I couldn’t move. I wanted to scream, but I couldn’t breathe.
“Where?” Najib asked.
“All over her body.”
“Where is she?” Najib shouted.
Malehkah took a step back. “At the hospital in Farah.”
Najib ran to the corner of the compound and grabbed a big white plastic jug. He opened the gas cap and stuck in a plastic funnel. But even with that, his shaking hands still spilled some fuel. After a few minutes, when gas overflowed and splashed back out, Najib cursed. “Get me a wet rag!” he snapped. He dumped the extra gas on the ground. When Malehkah returned with a dripping cloth, Najib washed his hands the best he could before running around to the driver’s seat.
I rushed forward to the passenger side. Malehkah grabbed me as I opened the door. “Zulaikha, you should —”
“She’s my
sister
!” I slapped her hand away and slammed the door closed behind me.

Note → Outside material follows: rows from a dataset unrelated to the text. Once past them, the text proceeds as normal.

(* Let $\mathcal{D}$ be a category with pullbacks and $(\mathcal{E},\mathcal{M})$ a stable orthogonal factorization system on $\mathcal{D}$, and let $\mathcal{A}$ be any category. Then the componentwise lifting of $(\mathcal{E},\mathcal{M})$ to $[\mathcal{A},\mathcal{D}]$ (natural transformations all of whose components are in $\mathcal{E}$, respectively in $\mathcal{M}$) restricts to an orthogonal factorization system on $\mathrm{CartNt}[\mathcal{A},\mathcal{D}]$, the category of all functors $\mathcal{A}\to\mathcal{D}$ and cartesian natural transformations.
   Context: An orthogonal factorization system $(\mathcal{E},\mathcal{M})$: both classes contain all isomorphisms and are closed under composition; each commuting square $g\circ e = m\circ f$ with $e\in\mathcal{E}$, $m\in\mathcal{M}$ has a unique diagonal $d$ with $d\circ e=f$, $m\circ d=g$; every morphism factors as $m\circ e$ with $e\in\mathcal{E}$, $m\in\mathcal{M}$. It is stable if $\mathcal{E}$ is closed under pullback along arbitrary morphisms. The componentwise lifting is an orthogonal factorization system on $[\mathcal{A},\mathcal{D}]$, with factorizations computed componentwise. A natural transformation is cartesian if all of its naturality squares are pullbacks. *)

From Stdlib Require Import ProofIrrelevance FunctionalExtensionality.
Set Implicit Arguments.

Record Category := {
  ob :> Type;
  hom : ob -> ob -> Type;
  idm : forall a, hom a a;
  comp : forall a b c, hom b c -> hom a b -> hom a c;
  comp_idl : forall a b (f : hom a b), comp (idm b) f = f;
  comp_idr : forall a b (f : hom a b), comp f (idm a) = f;
  comp_assoc : forall a b c d (f : hom a b) (g : hom b c) (h : hom c d),
      comp h (comp g f) = comp (comp h g) f
}.
Arguments hom {_} _ _.
Arguments idm {_} _.
Arguments comp {_ _ _ _} _ _.

Record Functor (A D : Category) := {
  fobj :> A -> D;
  fmap : forall a b, hom a b -> hom (fobj a) (fobj b);
  fmap_id : forall a, fmap a a (idm a) = idm (fobj a);
  fmap_comp : forall a b c (f : hom a b) (g : hom b c),
      fmap a c (comp g f) = comp (fmap b c g) (fmap a b f)
}.
Arguments fmap {A D} _ {a b} _.

Record NatTrans (A D : Category) (F G : Functor A D) := {
  ntc :> forall a, hom (F a) (G a);
  nt_natural : forall a b (f : hom a b),
      comp (fmap G f) (ntc a) = comp (ntc b) (fmap F f)
}.

(** * Pullbacks.  The square
       P --p1--> X
       |p2       |f
       v         v
       Y --g---> Z
    is a pullback. *)
Definition is_pullback (C : Category) (P X Y Z : C)
  (p1 : hom P X) (p2 : hom P Y) (f : hom X Z) (g : hom Y Z) : Prop :=
  comp f p1 = comp g p2 /\
  forall (Q : C) (q1 : hom Q X) (q2 : hom Q Y), comp f q1 = comp g q2 ->
    exists! u : hom Q P, comp p1 u = q1 /\ comp p2 u = q2.

Arguments is_pullback {C P X Y Z} p1 p2 f g.

Definition has_pullbacks (C : Category) : Prop :=
  forall (X Y Z : C) (f : hom X Z) (g : hom Y Z),
    exists (P : C) (p1 : hom P X) (p2 : hom P Y), is_pullback p1 p2 f g.

Section OFS.
Variables (ob : Type) (hom : ob -> ob -> Type)
  (comp : forall a b c, hom b c -> hom a b -> hom a c)
  (idm : forall a, hom a a).
Arguments comp {a b c}.

Definition is_iso a b (f : hom a b) : Prop :=
  exists g : hom b a, comp g f = idm a /\ comp f g = idm b.
(* [ln m + 1] bounds the harmonic number [H_m]; like [H_m], its decrease
   from [m] to [m - a] is at least [a / m]. *)
Definition lnH (m : nat) : R := if m is 0 then 0 else ln m%:R + 1.

Lemma lnH_ge0 m : 0 <= lnH m.
Proof.
case: m => [|m] //=; have := @ln_ge0 R m.+1%:R; rewrite ler1n => /(_ isT); lra.
Qed.

Lemma lnH_le m m' : (m' <= m)%N -> lnH m' <= lnH m.
Proof.
case: m' => [|m'] le_m'm; first exact: lnH_ge0.
case: m le_m'm => // m le_m'm.
by rewrite /lnH lerD2r ler_ln ?posrE ?ltr0n // ler_nat.
Qed.

Lemma lnH_decr m a : (0 < m)%N -> (a <= m)%N ->
  a%:R / m%:R <= lnH m - lnH (m - a).
Proof.
case: m => // m _ le_am; have mR_gt0 : 0 < (m.+1%:R : R) by rewrite ltr0n.
have [lt_am|le_ma] := ltnP a m.+1; last first.
  have -> : a = m.+1 by apply/eqP; rewrite eqn_leq le_am.
  rewrite subnn divff ?gt_eqF //=.
  have := @ln_ge0 R m.+1%:R; rewrite ler1n => /(_ isT); lra.
have ma_gt0 : (0 < m.+1 - a)%N by rewrite subn_gt0.
have -> : lnH (m.+1 - a) = ln (m.+1 - a)%:R + 1 by case: (m.+1 - a)%N ma_gt0.
have lt_1 : a%:R / m.+1%:R < 1 :> R by rewrite ltr_pdivrMr // mul1r ltr_nat.
have := @le_ln1Dx R (- (a%:R / m.+1%:R)).
rewrite (_ : 1 + _ = (m.+1 - a)%:R / m.+1%:R) ?ln_div ?posrE ?ltr0n //; last first.
  by rewrite natrB ?(ltnW lt_am) // mulrBl divff ?gt_eqF.
rewrite /lnH /=; move: lt_1; set t := a%:R / _; lra.
Qed.

Lemma lnH_sqr_le n : (2 <= n)%N -> lnH (n * n) <= 4 * ln n%:R.
Proof.
move=> n_ge2; have nR_ge2 : 2 <= (n%:R : R) by rewrite ler_nat.
have nR_gt0 : 0 < (n%:R : R) by lra.
have ln_ge_half : 1 <= 2 * ln (n%:R : R).
  have := @le_ln1Dx R ((n%:R)^-1 - 1); rewrite addrCA subrr addr0 lnV ?posrE //.
  have : (n%:R : R)^-1 <= 2^-1 by rewrite lef_pV2 ?posrE; lra.
  have : 0 < (n%:R : R)^-1 by rewrite invr_gt0.
  lra.
case: n n_ge2 nR_ge2 nR_gt0 ln_ge_half => // n _ nR_ge2 nR_gt0 ln_ge_half.
have -> : lnH (n.+1 * n.+1) = ln (n.+1 * n.+1)%:R + 1 by rewrite mulSn.
by rewrite natrM lnM ?posrE //; lra.
Qed.

(* Use [b <= s^2] when [s <= 2 sqrt n D], and [b <= 2 n D] otherwise. *)
Lemma le_sqrt_density (b s n : nat) (D : R) : (b <= s * s)%N ->
  b%:R <= D * (2 * n)%:R -> 1 / 2 <= D -> b%:R <= 2 * Num.sqrt n%:R * D * s%:R.
Proof.
move=> le_bss le_bD D_ge.
set q := Num.sqrt (n%:R : R); have q_ge0 : 0 <= q by exact: sqrtr_ge0.
have n_q : (n%:R : R) = q * q by rewrite -expr2 sqr_sqrtr ?ler0n.
rewrite natrM n_q in le_bD.
have s_ge0 : 0 <= (s%:R : R) by rewrite ler0n.
have bss : (b%:R : R) <= s%:R * s%:R by rewrite -natrM ler_nat.
have [le_s|lt_s] := lerP s%:R (2 * q * D).
  by apply: le_trans bss _; rewrite mulrC ler_wpM2r.
have le_b_qs : (b%:R : R) <= q * s%:R.
  apply: le_trans le_bD _.
  have -> : D * (2%:R * (q * q)) = q * (2 * q * D) by ring.
  by rewrite ler_wpM2l // ltW.
have qs_ge0 : 0 <= q * s%:R by exact: mulr_ge0.
nra.
Qed.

The motor was already running and Najib leaned against the horn, screaming curses at Malehkah to open the door.
“Najib?” I asked. He didn’t answer, backing the car out of the compound before driving off down our street. “Najib?”
“Be quiet!” He leaned forward, staring carefully ahead as he drove the car faster and faster, spinning the back wheels out in loose rocks on some curves, slamming the brakes
when we came upon a deep rut in the road. Every time he had to slow down, he cursed or hit his fist down on the dashboard.
I rubbed my hands together and then put them over my face. My legs shook. The afternoon’s kabob wanted to come back up. Zeynab was burned. What did that mean? How was she burned? What happened?
“Maybe it’s not so bad,” I said. Then the tears came.